I responded to your reply and gave you more detailed information that you enquired about.

But I have received no suggestions or recommendations from you in this matter.

Regards,

DougRH

Read my answer on the 1st thread Best wishes Nick Name

Link to "other" thread

http://cr4.globalspec.com/thread/48343#newcomments

Hi,

did you look on LVDTs - two inductive coils surrounded by soft ferromagnetic material and an air-hole in the center where an iron core of half the length of one coils is moving.?

Very rugged, can be made to any temperature that the isolation is surviving, proven since pre-transistor times. Maximum stroke of mm to meter - no problem

But your temperature range will (maybe) necessitate a very special solution, 300°C is a tough limit for organics.

You will need an external electronics (carrier-frequency amplifier).

There is a simpler (electronically) version with 3 coils, named differential transformer.

Guiding the inner core in its movement may be a problem, sometimes solved by using airbearings (LION-Precision, St.Paul).

The stepper will have to have a fine interpolation to give the required resolution and a compensation for flux/temperature behaviour of permanent magnets.

You can design this (measurement and actuator) either rotary or linear (with a cam), both ways have some pros.

Have success

and a Happy New Year to everybody, peace, health, love, happiness!

RHABE

Hi RHABE,

Thanks for the information and suggestion.

I was unaware of and had no knowledge of LVDTs. I haven't had a chance to take a close look at them as of yet but will do so in the near future but wanted to acknowledge and thank you for the information and will give you more feedback and perhaps have some more questions on them if you are knowledgeable about them when I am able to.

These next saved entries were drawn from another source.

Lemma distinct_pairs_third n (i j k l : 'I_n) : (i < j)%N -> (k < l)%N -> (i, j) != (k, l) ->
  exists2 t, [/\ i != j, t != i & t != j] & t = k \/ t = l.
Proof.
move=> lt_ij lt_kl kl_neq; have ij : i != j by rewrite neq_ltn lt_ij.
have [ki|ki] := eqVneq k i; last first.
  have [kj|kj] := eqVneq k j; last by exists k => //; left.
  have [li|li] := eqVneq l i.
    by move: lt_kl; rewrite kj li => lt_ji; move: (ltn_trans lt_ij lt_ji); rewrite ltnn.
  have [lj|lj] := eqVneq l j; first by move: lt_kl; rewrite kj lj ltnn.
  by exists l => //; right.
have [li|li] := eqVneq l i; first by move: lt_kl; rewrite ki li ltnn.
have [lj|lj] := eqVneq l j; first by move: kl_neq; rewrite ki lj eqxx.
by exists l => //; right.
Qed.

Definition p0 : 'I_3 := @Ordinal 3 0 isT.
Definition p1 : 'I_3 := @Ordinal 3 1 isT.
Definition p2 : 'I_3 := @Ordinal 3 2 isT.

Lemma ord3_cases (i : 'I_3) : [\/ i = p0, i = p1 | i = p2].
Proof.
by case: i => [[|[|[|n]]] lt_i3]; [apply: Or31|apply: Or32|apply: Or33|];
  rewrite // /p0 /p1 /p2; congr Ordinal; apply: bool_irrelevance.
Qed.

Lemma sum4 (V : nmodType) (F : 'I_4 -> V) : \sum_(i < 4) F i = F o0 + F o1 + F o2 + F o3.
Proof.
rewrite !big_ord_recl big_ord0 addr0 !addrA.
by congr (F _ + F _ + F _ + F _); apply: val_inj.
Qed.

Section Forms.
Variable R : realType.
Implicit Types (f g v w : 'I_4 -> R) (W : 'M[R]_4).

Definition sumf f := f o0 + f o1 + f o2 + f o3.

Lemma ord4_complement (i j : 'I_4) : i != j -> exists m n : 'I_4,
  [/\ m != i, m != j, n != i, n != j & m != n] /\
  (forall t, [\/ t = i, t = j, t = m | t = n]) /\
  forall f, sumf f = f i + f j + f m + f n.
Proof.
ord4_case i; ord4_case j => // _;
  [exists o2, o3|exists o1, o3|exists o1, o2|exists o2, o3|exists o0, o3|exists o0, o2
  |exists o1, o3|exists o0, o3|exists o0, o1|exists o1, o2|exists o0, o2|exists o0, o1];
  (split; [by []|split=> [t|f]; [|rewrite /sumf; ring]]);
  by case: (ord4_cases t) => ->;
     first [by apply: Or41 | by apply: Or42 | by apply: Or43 | by apply: Or44].
Qed.

Definition formQD f g := sumf (fun i => f i * g i) - sumf f * sumf g / 2.

Definition formQW v w := - (v o0 * w o1 + v o1 * w o0) / 2 + v o2 * w o2 + v o3 * w o3.

Lemma formQD_sym f g : formQD f g = formQD g f.
Proof. rewrite /formQD /sumf; ring. Qed.

Lemma formQD_ext f f' g g' : f =1 f' -> g =1 g' -> formQD f g = formQD f' g'.
Proof. by move=> ff' gg'; rewrite /formQD /sumf !ff' !gg'. Qed.

Lemma formQD_self_sum0 f : formQD f f = 0 -> sumf f = 0 -> forall i, f i = 0.
Proof.
rewrite /formQD => ff0 sf0.
have sq0 : f o0 ^+ 2 + f o1 ^+ 2 + (f o2 ^+ 2 + f o3 ^+ 2) = 0.
  by move: ff0; rewrite sf0 mul0r mul0r subr0 /sumf -!expr2 -!addrA.
move/eqP: sq0; rewrite !paddr_eq0 ?addr_ge0 ?sqr_ge0 // !sqrf_eq0.
by case/andP=> /andP[/eqP f0 /eqP f1] /andP[/eqP f2 /eqP f3] i; ord4_case i.
Qed.

Lemma two_neq0 : (2 : R) != 0. Proof. by rewrite pnatr_eq0. Qed.

Lemma formQD_self_three0 f i j t : i != j -> t != i -> t != j ->
  f i = 0 -> f j = 0 -> f t = 0 -> formQD f f = 0 -> forall k, f k = 0.
Proof.
move=> ij ti tj fi fj ft; rewrite /formQD.
have [m [n [_ [cover sumE]]]] := ord4_complement ij.
have half_sqr_eq0 (a : R) : a * a / 2 = 0 -> a = 0.
  by move/eqP; rewrite !mulf_eq0 invr_eq0 (negbTE two_neq0) orbF orbb => /eqP.
rewrite !sumE fi fj => ff0.
have [fm fn] : f m = 0 /\ f n = 0.
  case: (cover t) => et; move: ft; rewrite et => ft; rewrite et in ti tj.
  - by rewrite eqxx in ti.
  - by rewrite eqxx in tj.
  - by split=> //; apply: half_sqr_eq0; rewrite -ff0 ft; field.
  - by split=> //; apply: half_sqr_eq0; rewrite -ff0 ft; field.
by move=> k; case: (cover k) => ->.
Qed.

Definition QW : 'M[R]_4 := \matrix_(i < 4, j < 4)
  match nat_of_ord i, nat_of_ord j with
  | 0, 1 | 1, 0 => - 2^-1 | 2, 2 | 3, 3 => 1 | _, _ => 0 end.

Definition PW : 'M[R]_4 := \matrix_(i < 4, j < 4)
  match nat_of_ord i, nat_of_ord j with
  | 0, 1 | 1, 0 => - 2 | 2, 2 | 3, 3 => 1 | _, _ => 0 end.

Definition GD : 'M[R]_4 := \matrix_(i < 4, j < 4) if i == j then 1 else -1.

Lemma mulQWPW : QW *m PW = 1%:M.
Proof.
apply/matrixP=> i j; rewrite !mxE sum4 !mxE.
by ord4_case i; ord4_case j; rewrite /=; field.
Qed.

This is the second thread that I started on this subject. I wanted to get a take and focus on a purely linear solution as opposed to a rotary to linear one as well. Most of the interaction is takong place in the initial one of : http://cr4.globalspec.com/thread/48343#newcomments If you are willing to do it, I would be pleased to have you post this same suggestion along with any other thoughts and suggestions that perhaps you have as there are quite a number of people active in the original one that are fairly knowledgeable and thus can perhaps give me some input and take on the application and useage on LVDTs as well.

Thanks once more (< 8)

DougRH

In fact one of the problems you have to fight is the ratio between effective stroke of a sensor and minimal overall length. For an LVDT the core travels the effective stroke but it is connected to a rod which has at least same length. This means that for a 250 mm stroke you should have at you disposal more than 500 mm of free space!
Do you have it?

The solution with chain or belt and 2 wheels is shorter and more adapted to the space available in an engine room.

Hi again Guru,

As I said, I have only glanced at the LVDT suggested solution but very quickly came up with the notion of using two separate ones that slightly overlap. Each one would sense half of the length of the shifting range

As with the LVDTs themselves, I have only given your suggested solution if utilizing LVDTs a quick cursory glance so far but can see the solution in the design that helps to overcome what we both determined to be an obstacle that needed to be solved if taking this route. As with the LVDTs themselves, I will give your suggested solution much more thorough consideration. Another aspect of this approach also immediately comes to mind is the (perhaps unnecessary) added complexity and greater cost. As many including myself are cognizant of, the cost/benefit ratio is of vital importance to the chances of success.

Thanks again,

Keep on Keeping On! (< 8)

Space is definitely an issue as the sensors will have to be inside the transmission itself. There is never any 'empty 'real estate' space' in such environments.

Doug -

I have a similar application for linear motion (with lead screws). My client has been using steppers without feedback or correction from an earlier design phase and now they realize it dow not work, especially for initialization sequence. The three axes each have a "park" position, and this position is essentially at "home".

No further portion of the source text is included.